Lemma derivable_pt_lim_lsum {T} (l : list T) F D x :
  (forall b, derivable_pt_lim (F b) x (D b)) ->
  derivable_pt_lim (fun t => lsum l (fun b => F b t)) x (lsum l D).
Proof.
intros H; induction l as [|b l IH].
- apply (derivable_pt_lim_const 0).
- apply (derivable_pt_lim_plus _ _ _ _ _ (H b) IH).
Qed.

Lemma derivable_pt_lim_E_ising n A F D x :
  (forall z, derivable_pt_lim (fun t => F t z) x (D z)) ->
  derivable_pt_lim (fun t => E_ising n A (F t)) x (E_ising n A D).
Proof.
intros H; unfold E_ising.
apply (derivable_pt_lim_lsum _ (fun b t => ising_weight n A (spin b) / ising_Z n A * F t (spin b))).
intros b; apply derivable_pt_lim_scal, H.
Qed.

Lemma derivable_pt_lim_exp_affine a s b :
  derivable_pt_lim (fun t => exp (- (a + (t - b) * s))) b (exp (- a) * - s).
Proof.
assert (Hin : derivable_pt_lim (fun t => - (a + (t - b) * s)) b (- s)).
{ pose proof (derivable_pt_lim_plus _ _ b _ _
    (derivable_pt_lim_scal id (- s) b 1 (derivable_pt_lim_id b))
    (derivable_pt_lim_const (b * s - a) b)) as Hlin.
  rewrite Rmult_1_r, Rplus_0_r in Hlin.
  refine (derivable_pt_lim_ext _ _ _ _ _ Hlin).
  intros t; unfold plus_fct, mult_real_fct, fct_cte, id; ring. }
replace (exp (- a)) with (exp (- (a + (b - b) * s))) by (f_equal; ring).
apply (derivable_pt_lim_comp _ exp _ _ _ Hin (derivable_pt_lim_exp _)).
Qed.

Lemma Stilde_upd n A w k t :
  Stilde n A (upd w k t) = E_ising n A (fun z =>
    exp (- (rsum (n - 1) (fun j => vcoef n w j * z (n - 1)%nat * z j)
            + (t - w k) * signed_embed n (fun j => z (n - 1)%nat * z j) k))).
Proof.
unfold Stilde; apply E_ising_ext; intros z; do 2 f_equal.
rewrite <- rsum_vcoef_slope, Rmult_comm, <- rsum_scal_r, <- rsum_plus.
apply rsum_ext; intros j _; rewrite vcoef_upd; ring.
Qed.

Lemma E_miss_G_miss n A p w k : (1 <= n)%nat -> (forall j, (j < n)%nat -> p j < 1) ->
  E_miss n A p (fun X => G_miss n p w X k)
  = E_ising n A (fun z => exp (- rsum (n - 1) (fun j => vcoef n w j * z (n - 1)%nat * z j))
                          * - signed_embed n (fun j => z (n - 1)%nat * z j) k).
Proof.
intros Hn Hp; unfold E_miss; apply E_ising_ext; intros z.
transitivity (lsum (bcube n) (fun c => mask_prob n p c * signed_embed n (g_miss n p w (mask c z)) k));
  [reflexivity|].
rewrite lsum_signed_embed.
rewrite (signed_embed_ext _ _ (fun i => - exp (- rsum (n - 1)
    (fun j => vcoef n w j * z (n - 1)%nat * z j)) * (z (n - 1)%nat * z i)))
  by (intros i Hi; rewrite mask_mean_g_miss by assumption; ring).
rewrite signed_embed_scal; ring.
Qed.

Lemma Stilde_partial_derivative n A p w k : (1 <= n)%nat -> (forall j, (j < n)%nat -> p j < 1) ->
  derivable_pt_lim (fun t => Stilde n A (upd w k t)) (w k)
    (E_miss n A p (fun X => G_miss n p w X k)).
Proof.
intros Hn Hp; rewrite E_miss_G_miss by assumption.
eapply derivable_pt_lim_ext; [intros t; symmetry; apply Stilde_upd|].
apply derivable_pt_lim_E_ising; intros z; apply derivable_pt_lim_exp_affine.
Qed.

Lemma rmaxn_ge m f i : (i < m)%nat -> f i <= rmaxn m f.
Proof.
induction m as [|m IH]; intros Hi; [lia|]; simpl.
destruct (Nat.eq_dec i m) as [->|]; [apply Rmax_r | eapply Rle_trans; [apply IH; lia | apply Rmax_l]].
Qed.

Lemma rmaxn_bounds m f : (forall i, (i < m)%nat -> 0 <= f i < 1) -> 0 <= rmaxn m f < 1.
Proof.
induction m as [|m IH]; simpl; intros H; [lra|].
assert (0 <= rmaxn m f < 1) by (apply IH; intros; apply H; lia).
assert (0 <= f m < 1) by (apply H; lia).
unfold Rmax; destruct (Rle_dec _ _); lra.
Qed.

Lemma Rabs_exp_sub_div_le t a p : Rabs t <= a -> 0 <= p < 1 ->
  Rabs ((exp t - p) / (1 - p)) <= exp (a / (1 - p)).
Proof.
intros Ht Hp; set (r := 1 - p); set (u := a / r).
assert (Hr : 0 < r <= 1) by (unfold r; lra).
assert (Hau : a = r * u) by (unfold u; field; lra).
assert (Hupper : exp t <= exp a) by (apply exp_le_exp_compat; pose proof (Rle_abs t); lra).
assert (Hlower : exp (- a) <= exp t)
  by (apply exp_le_exp_compat; pose proof (Rle_abs (- t)); rewrite Rabs_Ropp in *; lra).
assert (Hu : exp a * (1 + (u - a)) <= exp u).
{ replace (exp u) with (exp a * exp (u - a)) by (rewrite <- exp_plus; f_equal; ring).
  apply Rmult_le_compat_l; [left; apply exp_pos | apply exp_ineq1_le]. }
assert (Ha : exp a * (1 + - a) <= 1).
{ replace 1 with (exp a * exp (- a)) at 2 by (rewrite <- exp_plus, <- exp_0; f_equal; ring).
  apply Rmult_le_compat_l; [left; apply exp_pos | apply exp_ineq1_le]. }
assert (Hu1 := exp_ineq1_le u).
assert (Hma := exp_ineq1_le (- a)).
assert (Hnum : Rabs (exp t - p) <= r * exp u).
{ apply Rabs_le; split.
  - assert (r * (1 + u) <= r * exp u) by (apply Rmult_le_compat_l; lra).
    unfold r in *; lra.
  - assert (r * (exp a * (1 + (u - a))) <= r * exp u) by (apply Rmult_le_compat_l; lra).
    assert ((1 - r) * (exp a * (1 + - a)) <= 1 - r) by (rewrite <- (Rmult_1_r (1 - r)) at 2;
      apply Rmult_le_compat_l; lra).
    unfold r in *; nra. }
unfold Rdiv; rewrite Rabs_mult, Rabs_inv, (Rabs_right r) by lra.
apply (Rmult_le_reg_r r); [lra|].
rewrite Rmult_assoc, Rinv_l by lra; lra.
Qed.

++++++

TASK REQUIREMENTS:
What is needed is an exact copy of the lines above, from the one containing "exp_0; f_equal; ring)." through the one containing "apply Rabs_le; split.", with nothing added.

RESPONSE TO THE TASK:
{ replace 1 with (exp a * exp (- a)) at 2 by (rewrite <- exp_plus, <- exp_0; f_equal; ring).
  apply Rmult_le_compat_l; [left; apply exp_pos | apply exp_ineq1_le]. }
assert (Hu1 := exp_ineq1_le u).
assert (Hma := exp_ineq1_le (- a)).
assert (Hnum : Rabs (exp t - p) <= r * exp u).
{ apply Rabs_le; split.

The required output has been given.